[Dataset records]
/---

Lemma pmf_sorted_prod n0 N l (e : rel 'I_n0) dq (f : {ffun req N l -> node n0 N}) :
  pmf_sorted e dq f = (\prod_(r : req N l) cand_weight e dq f r)%R.
Proof.
rewrite /pmf_sorted /sorted_reqs run_sorted_prod //.
- by rewrite (perm_big (enum (req N l))) ?big_enum // perm_sort.
- by move=> r; rewrite mem_sort mem_enum.
- exact/sort_sorted/deg_time_le_total.
Qed.

Lemma exists_first_invalid n0 N l (e : rel 'I_n0) dq (f : req N l -> node n0 N) :
  ~~ [forall r, f r \in Mset e dq f (time r).-1 (dq r)] ->
  exists2 r, f r \notin Mset e dq f (time r).-1 (dq r) & valid_upto e dq f (time r).-1.
Proof.
move=> /forallPn[r0 bad_r0].
pose invalid_at t := [exists r, (time r == t) && (f r \notin Mset e dq f (time r).-1 (dq r))].
have : exists t, invalid_at t by exists (time r0); apply/existsP; exists r0; rewrite eqxx.
case/ex_minnP => _ /existsP[r /andP[/eqP <- bad_r]] first_r.
exists r => // r' le_r'; apply/negPn/negP => bad_r'.
have := first_r (time r'); rewrite /time in le_r' *.
by rewrite (_ : invalid_at _) => [/(_ isT)|]; [lia | apply/existsP; exists r'; rewrite eqxx].
Qed.

Theorem lemma6 (n0 N l : nat) (e : rel 'I_n0)
    (e_sym : symmetric e) (e_irr : irreflexive e) (l_le_n0 : (l <= n0)%N)
    (dq : 'I_N * 'I_l -> nat) (f : {ffun 'I_N * 'I_l -> 'I_(n0 + N)}) :
  pmf_sorted e dq f = pmf_time e dq f.
Proof.
have weightE r : valid_upto e dq f (time r).-1 ->
    cand e dq (chosen f) (dq r) (time r) = Mset e dq f (time r).-1 (dq r).
  have l_gt0 : 0 < l by have := ltn_ord r.2; lia.
  exact: (cand_chosen_Mset l_gt0 (dq r)).
rewrite pmf_sorted_prod /pmf_time.
have [/forallP valid | /exists_first_invalid[r bad_r valid_r]] :=
  boolP [forall r, f r \in Mset e dq f (time r).-1 (dq r)].
  by apply: eq_bigr => r _; rewrite /cand_weight weightE // => r' _; exact: valid.
rewrite (bigD1 r) // [RHS](bigD1 r) //= /cand_weight weightE // (negbTE bad_r).
by rewrite !GRing.mul0r.
Qed.
(* v_1 = 0 pins the chain: v_(j+2) is the sum of the j + 1 <= n increments before it,
   each of size at most sqrt (stretch V). *)
Lemma coord_le_stretch (p : R * R -> R) V (j : 'I_n.-1) :
  (forall u, p u ^+ 2 <= nrm2 u) -> (forall u w, p (vsub u w) = p u - p w) ->
  p (0, 0) = 0 ->
  `|p (V j)| <= n%:R * Num.sqrt (stretch V).
Proof.
move=> p_le p_sub p0; set s := Num.sqrt (stretch V).
have incr_le l : (1 <= l < n.+1)%N -> `|p (vfull V l.+1) - p (vfull V l)| <= s.
  move=> hl; rewrite -sqrtr_sqr -p_sub; apply: ler_wsqrtr.
  apply: le_trans (p_le _) _; exact: stretch_ge_term.
have -> : p (V j) = \sum_(1 <= l < j.+2) (p (vfull V l.+1) - p (vfull V l)).
  by rewrite telescope_sumr // vfull1 p0 subr0 vfull_ord.
have jn := ltn_ord j.
apply: le_trans (ler_norm_sum _ _ _) _.
apply: (@le_trans _ _ (\sum_(1 <= l < j.+2) s)).
  by apply: ler_sum_nat => l /andP[hl1 hl2]; apply: incr_le; lia.
rewrite sumr_const_nat -[s *+ _]mulr_natl; apply: (ler_wpM2r (sqrtr_ge0 _)).
rewrite ler_nat; lia.
Qed.

Lemma fst_le_stretch V j : `|(V j).1| <= n%:R * Num.sqrt (stretch V).
Proof. exact: coord_le_stretch (@sqr_fst_le_nrm2 R) _ _. Qed.

Lemma snd_le_stretch V j : `|(V j).2| <= n%:R * Num.sqrt (stretch V).
Proof. exact: coord_le_stretch (@sqr_snd_le_nrm2 R) _ _. Qed.

Lemma stretch_le0 V : stretch V <= 0 -> V = disp0.
Proof.
move=> hV; apply/ffunP => j; rewrite ffunE.
have := fst_le_stretch V j; have := snd_le_stretch V j.
rewrite ler0_sqrtr // mulr0 !normr_le0 => /eqP v2 /eqP v1.
by case: (V j) v1 v2 => ? ? /= -> ->.
Qed.

End PinnedChain.

Section RowEncoding.
Variables (R : realType) (n : nat).
Local Notation m := n.-1.

Definition disp_of_row (x : 'rV[R]_(m + m)) : disp R n :=
  [ffun j => (x ord0 (lshift m j), x ord0 (rshift m j))].

Definition row_of_disp (V : disp R n) : 'rV[R]_(m + m) :=
  \row_i match fintype.split i with inl j => (V j).1 | inr j => (V j).2 end.

Lemma split_lshift (j : 'I_m) : fintype.split (lshift m j) = inl j.
Proof. exact: (unsplitK (inl _ j)). Qed.

Lemma split_rshift (j : 'I_m) : fintype.split (rshift m j) = inr j.
Proof. exact: (unsplitK (inr _ j)). Qed.

Lemma row_of_dispK : cancel row_of_disp disp_of_row.
Proof.
by move=> V; apply/ffunP => j; rewrite !ffunE !mxE split_lshift split_rshift; case: (V j).
Qed.

Lemma disp_of_rowK : cancel disp_of_row row_of_disp.
Proof.
move=> x; apply/rowP => i; rewrite -(splitK i) mxE.
by case: (fintype.split i) => j /=; rewrite ?split_lshift ?split_rshift ffunE.
Qed.

Lemma disp_of_row0 : disp_of_row 0 = disp0 R n.
Proof. by apply/ffunP => j; rewrite !ffunE !mxE. Qed.

Lemma continuous_disp_of_row_fst j : continuous (fun x => (disp_of_row x j).1).
Proof. by under eq_fun do rewrite ffunE; exact: coord_continuous. Qed.

Lemma continuous_disp_of_row_snd j : continuous (fun x => (disp_of_row x j).2).
Proof. by under eq_fun do rewrite ffunE; exact: coord_continuous. Qed.

Lemma continuous_vfull_coord (p : R * R -> R) i :
  p (0, 0) = 0 -> (forall j, continuous (fun x => p (disp_of_row x j))) ->
  continuous (fun x => p (vfull (disp_of_row x) i)).
Proof.
move=> p0 p_cont; rewrite /vfull; case: insub => [j|]; first case: (2 <= i)%N.
- exact: p_cont.
- by rewrite p0; apply: cst_continuous.
- by rewrite p0; apply: cst_continuous.
Qed.

Lemma continuous_vfull_fst i : continuous (fun x => (vfull (disp_of_row x) i).1).
Proof. exact/continuous_vfull_coord/continuous_disp_of_row_fst. Qed.

Lemma continuous_vfull_snd i : continuous (fun x => (vfull (disp_of_row x) i).2).
Proof. exact/continuous_vfull_coord/continuous_disp_of_row_snd. Qed.

End RowEncoding.

Section Energy.
Variables (R : realType) (n : nat) (c : R * R) (r th k kappa : R) (F : disp R n).
Hypotheses (k_gt0 : 0 < k) (kappa_ge0 : 0 <= kappa).
Implicit Types U V W : disp R n.
(* Assume Second-order Absolute Morley. Then for every lightface projective set $A\subseteq 2^\omega$, either $|A|\leq\aleph_1$ or $A$ contains a perfect set.
   Context: Second-order Absolute Morley is the statement: for every second-order theory $T$ in a countable signature, either $T$ has at most $\aleph_1$ isomorphism classes of countable models, or there is a perfect set of pairwise non-isomorphic countable models of $T$. Here countable models with universe $\omega$ are identified with points of a Cantor space via the values of their relations (product topology), so ''perfect set of models'' means a nonempty closed set without isolated points in this space of codes; equivalently a continuous injection of $2^\omega$ into the space of models of $T$ whose images are pairwise non-isomorphic. A set $A\subseteq 2^\omega$ is lightface projective if it is definable over second-order arithmetic by a projective formula without real parameters. A perfect set is a nonempty closed subset of $2^\omega$ without isolated points. *)

From Stdlib Require Import Arith List.
From Stdlib Require Vector.

Set Implicit Arguments.

Definition countable (X : Type) : Prop :=
  exists f : X -> nat, forall a b, f a = f b -> a = b.

Definition strict_well_order {W : Type} (lt : W -> W -> Prop) : Prop :=
  well_founded lt /\
  (forall a b c, lt a b -> lt b c -> lt a c) /\
  (forall a b, lt a b \/ a = b \/ lt b a).

(* A well-order all of whose proper initial segments are countable,
   i.e. a well-order of order type <= omega_1. *)
Definition omega1_like {W : Type} (lt : W -> W -> Prop) : Prop :=
  strict_well_order lt /\ forall w, countable {u : W | lt u w}.

Definition card_le_aleph1 {X : Type} (P : X -> Prop) : Prop :=
  exists (W : Type) (lt : W -> W -> Prop), omega1_like lt /\
    exists f : X -> W, forall a b, P a -> P b -> f a = f b -> a = b.

Definition classes_le_aleph1 {X : Type} (P : X -> Prop) (E : X -> X -> Prop) : Prop :=
  exists (W : Type) (lt : W -> W -> Prop), omega1_like lt /\
    exists f : X -> W, forall a b, P a -> P b -> f a = f b -> E a b.

Definition cantor := nat -> bool.

Definition agree_upto (n : nat) (x y : cantor) : Prop :=
  forall i, i < n -> x i = y i.

Definition closed_cantor (P : cantor -> Prop) : Prop :=
  forall x, (forall n, exists y, P y /\ agree_upto n x y) -> P x.

Definition no_isolated_cantor (P : cantor -> Prop) : Prop :=
  forall x, P x -> forall n, exists y, P y /\ y <> x /\ agree_upto n x y.

Definition perfect_cantor (P : cantor -> Prop) : Prop :=
  (exists x, P x) /\ closed_cantor P /\ no_isolated_cantor P.

Record signature : Type := {
  sym : Type;
  arity : sym -> nat;
  sym_countable : countable sym
}.
Lemma Rhat_fstar_le t : is_pow2 t -> reached t -> G t.-1 fstar -> G t.-1 `<=` F ->
  Rhat t fstar <= Rhat t (fh t) + sig_active d delta t (Rhat t (fh t)).
Proof.
move=> pow2t reach_t Gfstar GF; have [_ [_ [erm _]]] := run.
have [Ffh _] := erm t (is_pow2_gt0 pow2t) pow2t.
have mA := mAGR GF.
have [K_fh _] := K pow2t reach_t Ffh; have [_ K_fstar] := K pow2t reach_t Ffstar.
set r := riskG P (G t.-1) fstar in K_fstar.
have r0 : 0 <= r := fine_ge0 (measure_ge0 _ _).
have r_le : r <= riskG P (G t.-1) (fh t) :=
  le_riskG mA (mF Ffstar) (mF Ffh) Gfstar (fstar_min Ffh).
have fstar_le := le_trans K_fstar (lerD (lexx r) sig_RhmR_le_bar).
have fh_le := le_trans K_fh (lerD (lexx _) sig_RmRh_le_hat).
apply: (le_trans fstar_le).
apply: (le_trans (ler_addr_sig_bar_RhmR r0 (le_trans r_le fh_le))).
by rewrite -addrA.
Qed.

Lemma fstar_survives t : reached t.+1 -> G t fstar /\ G t `<=` F.
Proof.
have [G0 [_ [_ [G_pow2 G_other]]]] := run.
elim: t => [|t IH] reach; first by rewrite G0; split.
have reach' := reached_le (leqnSn _) reach.
have [Gfstar GF] := IH reach'.
have [pow2|not_pow2] := pselect (is_pow2 t.+1); last by rewrite G_other.
rewrite G_pow2 //; split => [|f []//]; split => //.
exact: Rhat_fstar_le.
Qed.

Lemma stops_pow2 k : 0 < delta < 1 -> 0 < eps <= 1 ->
  stop_bound d delta eps (risk P fstar) <= (2 ^ k)%N%:R ->
  reached (2 ^ k) -> stops d delta eps xs yl fh (2 ^ k).
Proof.
move=> delta01 /[dup] eps01 /andP[eps0 _] large reach.
have pow2 : is_pow2 (2 ^ k) by exists k.
have t_gt0 := is_pow2_gt0 pow2.
split => //; have [_ [_ [erm _]]] := run.
have [Gfstar GF] : G (2 ^ k).-1 fstar /\ G (2 ^ k).-1 `<=` F.
  by apply: fstar_survives; rewrite prednK.
have [_ fh_min] := erm _ t_gt0 pow2.
have [_ K_fstar] := K pow2 reach Ffstar.
have rho0 : 0 <= risk P fstar := fine_ge0 (measure_ge0 _ _).
have [a_small a_rho] := slack_coef_small delta01 t_gt0 eps01 rho0 large.
apply: (sig_active_lt (r := riskG P (G (2 ^ k).-1) fstar) eps0 a_small a_rho).
- by rewrite (riskG_le_risk P (mAGR GF) (mF Ffstar) Gfstar) andbT; apply/fine_ge0/measure_ge0.
- exact: Rhat_ge0.
- exact: le_trans (fh_min _ Ffstar) (le_trans K_fstar (lerD (lexx _) sig_RhmR_le_bar)).
Qed.

End ActiveILESS.

Theorem lemma14 (R : realType) (d : nat) (delta : R) :
  0 < delta < 1 ->
  exists (C eps0 : R), 0 < C /\ 0 < eps0 /\
  forall (dX : measure_display) (X : measurableType dX)
    (F : set (X -> bool)) (P : probability (X * bool)%type R)
    (fstar : X -> bool) (eps : R)
    (xs : nat -> X) (ys : nat -> bool)
    (G : nat -> set (X -> bool)) (yl : nat -> bool) (fh : nat -> X -> bool),
  VCdim F d ->
  (forall f, F f -> measurable_fun setT f) ->
  (forall H, H `<=` F -> measurable (AGR H)) ->
  F fstar -> (forall f, F f -> risk P fstar <= risk P f) ->
  0 < eps < eps0 ->
  is_run F d delta xs ys G yl fh ->
  eventK P F d delta eps xs G yl fh ->
  exists T : nat,
    stops d delta eps xs yl fh T /\ reached d delta eps xs yl fh T /\
    T%:R <= C * (eps^-1 * ln (eps^-1)
                 + risk P fstar / eps ^+ 2 * ln (risk P fstar / eps ^+ 2)).
Proof.
move=> delta01; exists (count_const d delta), (expR (-2)).
split; first exact: count_const_gt0.
split; first exact: expR_gt0.
(* The VC dimension enters only through the event K; below [e^-2], [ln(1/ε) >= 2]
   absorbs the additive constants of the bound. *)
move=> dX X F P fstar eps xs ys G yl fh _ mF mAGR Ffstar fstar_min eps_range run K.
have /andP[eps0 eps_small] := eps_range.
have eps01 : 0 < eps <= 1.
  by rewrite eps0 (le_trans (ltW eps_small)) // expR_le1; lra.
have rho0 : 0 <= risk P fstar := fine_ge0 (measure_ge0 _ _).
have [k /andP[large small]] := exists_pow2_between (stop_bound_ge1 d delta01 eps01 rho0).
have [T leT [stopT reachT]] :=
  exists_first (stops_pow2 mF mAGR Ffstar fstar_min run K delta01 eps01 large).
exists T; split => //; split => //.
apply: le_trans (stop_bound_le d delta01 eps_range rho0).
by apply: le_trans small; rewrite ler_nat.
Qed.
(* There exist two upper semicomputable symmetric functions $E_1,E_2$ from pairs of binary strings to $\mathbb{N}\cup\{\infty\}$, each of which satisfies the triangle inequality and the condition that there is a constant $c$ with $\#\{y : E_i(x,y)<n\}\le c2^n$ for all integers $n$ and strings $x$, such that no non-negative function $E$ on pairs of binary strings that is bounded by both $E_1$ and $E_2$ satisfies both this counting condition (for some constant $c$) and the triangle inequality.
   Context: A function $E$ is upper semicomputable if the set of triples $(x,y,n)$ with $E(x,y)<n$ is computably enumerable. The triangle inequality means $E(x,z)\le E(x,y)+E(y,z)$ for all strings $x,y,z$. *)

From HB Require Import structures.
From mathcomp Require Import all_boot all_order all_algebra.
From mathcomp Require Import reals.
Set Implicit Arguments. Unset Strict Implicit. Unset Printing Implicit Defensive.
Import Order.TTheory GRing.Theory Num.Theory.
Local Open Scope ring_scope.

Notation bstring := (seq bool).

(** * A model of computation: (untyped) primitive recursive functions.
    Arguments are read from a list, missing arguments default to 0. *)
Inductive prf : Type :=
| PZero
| PSucc
| PProj of nat
| PComp of prf & seq prf
| PRec of prf & prf.
(* Let $\mathfrak S=(S,\xrightarrow{F},\le)$ be a functional WSTS. Then its completion $\widehat{\mathfrak S}$ is a (complete, functional) WSTS if and only if $(S,\le)$ is $\omega^2$-wqo.
   Context: A functional WSTS $(S,\xrightarrow{F},\le)$: $(S,\le)$ is a well partial order (well-founded, no infinite antichain), and $F$ is a finite set of partial monotonic maps $f:S\rightharpoonup S$ (domain upward-closed, $f$ monotone on its domain); transitions are $s\to f(s)$. A WSTS is a monotonic ordered transition system whose order is a well (quasi-)order; a complete functional WSTS is one whose state space is a continuous dcpo which is well-ordered, with partial continuous maps (Scott-open domain, preserving lubs of directed subsets of the domain). Completion: an ideal of $S$ is a nonempty downward-closed directed subset; $\widehat S=\mathrm{Idl}(S)$ ordered by inclusion; for $f\in F$, $\widehat f$ has domain $\{C\in\widehat S\mid C\cap\operatorname{dom}f\neq\emptyset\}$ and $\widehat f(C)=\downarrow f\langle C\cap\operatorname{dom} f\rangle$; $\widehat{\mathfrak S}=(\widehat S,\xrightarrow{\{\widehat f\mid f\in F\}},\subseteq)$. Rado's structure: $X_{\mathrm{Rado}}=\{(m,n)\in\mathbb N^2\mid m<n\}$ with $(m,n)\le(m',n')$ iff ($m=m'$ and $n\le n'$) or $n<m'$. A wqo is $\omega^2$-wqo if it contains no subset order-isomorphic (with the induced order) to $X_{\mathrm{Rado}}$. *)

(* Sets are predicates [T -> Prop]; partial maps are [T -> option T]. *)
From Stdlib Require Import List Classical ClassicalEpsilon.
Import ListNotations.
Lemma acyclic_ind (E : nat -> nat -> Prop) n (P : nat -> Prop) :
  (forall i, ~ clos_trans nat E i i) -> (forall j i, E j i -> (j < n)%nat) ->
  (forall i, (i < n)%nat -> (forall j, E j i -> P j) -> P i) ->
  forall i, (i < n)%nat -> P i.
Proof.
  intros Hacyc HE Hstep i Hi; apply NNPP; intro HPi.
  apply (acyclic_no_pred_closed_subset E n (fun i => (i < n)%nat /\ ~ P i) Hacyc)
    with (i := i); [tauto | | tauto].
  intros k [Hk HPk]; apply NNPP; intro Hnone; apply HPk, Hstep; [exact Hk|].
  intros j Hjk; apply NNPP; intro HPj; apply Hnone; exists j; eauto.
Qed.

Lemma gG_accelerates vb ulo uhi E C s' i :
  (forall j a b, E j i -> C j i a b -> a < fst s' j) -> gG vb ulo uhi E C s' i = uhi i.
Proof.
  intro Hpast; unfold gG.
  destruct (excluded_middle_informative _) as [[j [t [Hji [Ht [a [b [Ha [_ Hab]]]]]]]]|];
    [exfalso | reflexivity].
  pose proof (Hpast j _ _ Hji Hab).
  pose proof (Phi_fst_ge_init vb s' (worst ulo uhi i) t j Ht); lra.
Qed.

Section Liveness.
Variables (n : nat) (vb ulo uhi : nat -> R) (C : nat -> nat -> R -> R -> Prop)
  (E : nat -> nat -> Prop) (s : state) (u : control).
Hypothesis Hvb : forall i, (i < n)%nat -> 0 < vb i.
Hypothesis Huhi : forall i, (i < n)%nat -> 0 < uhi i.
Hypothesis Hbdd : forall i j, (i < n)%nat -> (j < n)%nat -> i <> j -> bounded2 (C i j).
Hypothesis HE : forall i j, E i j -> (i < n)%nat /\ (j < n)%nat.
Hypothesis Hacyc : forall i, ~ clos_trans nat E i i.
Hypothesis Hfb : forall i k, (i < n)%nat ->
  u i k = gG vb ulo uhi E C (Phi vb (INR k) s u) i.
Notation X k i := (fst (state_at vb s u k) i).

Lemma X_unbounded i : (i < n)%nat -> forall K, exists k, K < X k i.
Proof.
  revert i; apply (acyclic_ind E n (fun i => forall K, exists k, K < X k i));
    [exact Hacyc | intros j k Hjk; apply (HE j k Hjk) |].
  intros i Hi IHpred.
  assert (Hpast : exists k0, forall j, (j < n)%nat ->
            E j i -> forall a b, C j i a b -> a < X k0 j).
  { apply eventually_forall_lt.
    - intros j k k' Hkk' Hk Hji a b Hab.
      pose proof (X_monotone vb s u k k' j Hkk'); pose proof (Hk Hji a b Hab); lra.
    - intros j Hj; destruct (classic (E j i)) as [Hji|Hji]; [|exists 0%nat; tauto].
      assert (Hneq : j <> i) by (intros ->; apply (Hacyc i), t_step, Hji).
      destruct (Hbdd j i Hj Hi Hneq) as [M HM].
      destruct (IHpred j Hji M) as [k Hk]; exists k; intros _ a b Hab.
      destruct (HM a b Hab); pose proof (Rle_abs a); lra. }
  destruct Hpast as [k0 Hk0].
  apply (X_unbounded_under_constant_thrust vb s u i k0 (uhi i) (Hvb i Hi) (Huhi i Hi)).
  intros k Hk; rewrite (Hfb i k Hi); apply gG_accelerates.
  intros j a b Hji Hab; rewrite Phi_INR_fst.
  pose proof (X_monotone vb s u k0 k j Hk).
  pose proof (Hk0 j (proj1 (HE j i Hji)) Hji a b Hab); lra.
Qed.

Lemma obstacle_bound i : (i < n)%nat ->
  exists M, forall j a b, (j < n)%nat -> j <> i -> C i j a b -> a <= INR M.
Proof.
  intro Hi.
  destruct (eventually_forall_lt (fun j M => j <> i -> forall a b, C i j a b -> a <= INR M) n)
    as [M HM].
  - intros j M M' HMM' HM Hji a b Hab; apply le_INR in HMM'; pose proof (HM Hji a b Hab); lra.
  - intros j Hj; destruct (Nat.eq_dec j i) as [->|Hji]; [exists 0%nat; tauto|].
    destruct (Hbdd i j Hi Hj (not_eq_sym Hji)) as [B HB].
    destruct (nat_archimedean B) as [M HM]; exists M; intros _ a b Hab.
    destruct (HB a b Hab); pose proof (Rle_abs a); lra.
  - exists M; intros j a b Hj Hji; apply HM; assumption.
Qed.

Lemma eventually_past_all_obstacles : exists k, forall i, (i < n)%nat ->
  exists M, M < X k i /\ forall j a b, (j < n)%nat -> j <> i -> C i j a b -> a <= M.
Proof.
  apply eventually_forall_lt.
  - intros i k k' Hkk' [M [HMk HM]]; exists M; split; [|exact HM].
    pose proof (X_monotone vb s u k k' i Hkk'); lra.
  - intros i Hi; destruct (obstacle_bound i Hi) as [M HM].
    destruct (X_unbounded i Hi (INR M)) as [k Hk]; eauto.
Qed.
End Liveness.

Theorem theorem3
  (n : nat) (vb ulo uhi : nat -> R)
  (C : nat -> nat -> R -> R -> Prop) (E : nat -> nat -> Prop)
  (Hvb : forall i, (i < n)%nat -> 0 < vb i)
  (Hu : forall i, (i < n)%nat -> ulo i < 0 < uhi i)
  (HC : forall i j, (i < n)%nat -> (j < n)%nat -> i <> j ->
          open2 (C i j) /\ convex2 (C i j) /\ bounded2 (C i j))
  (Hsym : forall i j a b, (i < n)%nat -> (j < n)%nat -> (C i j a b <-> C j i b a))
  (HE : forall i j, E i j -> (i < n)%nat /\ (j < n)%nat)
  (Hacyc : forall i, ~ clos_trans nat E i i)
  (s : state) (Hs : brake_safe n vb ulo E C s)
  (u : control)
  (Hfb : forall i k, (i < n)%nat ->
           u i k = gG vb ulo uhi E C (Phi vb (INR k) s u) i) :
  exists T, 0 < T /\
    forall i, (i < n)%nat ->
      exists M, M < fst (Phi vb T s u) i /\
        forall j a b, (j < n)%nat -> j <> i -> C i j a b -> a <= M.
Proof.
  destruct (eventually_past_all_obstacles n vb ulo uhi C E s u Hvb
              (fun i Hi => proj2 (Hu i Hi))
              (fun i j Hi Hj Hij => proj2 (proj2 (HC i j Hi Hj Hij))) HE Hacyc Hfb)
    as [k Hk].
  exists (INR (S k)); split; [apply lt_0_INR; lia|].
  intros i Hi; destruct (Hk i Hi) as [M [HMk HM]]; exists M; split; [|exact HM].
  rewrite Phi_INR_fst; pose proof (X_le_S vb s u k i); lra.
Qed.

\---

_About this exercise_:
Your answer must be the lines above from the one containing "by case: (V j) v1 v2 => ? ? /= -> ->." to the one containing "Proof. exact: (unsplitK (inl _ j)). Qed.", both included, restated word for word.

_Result_:
by case: (V j) v1 v2 => ? ? /= -> ->.
Qed.

End PinnedChain.

Section RowEncoding.
Variables (R : realType) (n : nat).
Local Notation m := n.-1.

Definition disp_of_row (x : 'rV[R]_(m + m)) : disp R n :=
  [ffun j => (x ord0 (lshift m j), x ord0 (rshift m j))].

Definition row_of_disp (V : disp R n) : 'rV[R]_(m + m) :=
  \row_i match fintype.split i with inl j => (V j).1 | inr j => (V j).2 end.

Lemma split_lshift (j : 'I_m) : fintype.split (lshift m j) = inl j.
Proof. exact: (unsplitK (inl _ j)). Qed.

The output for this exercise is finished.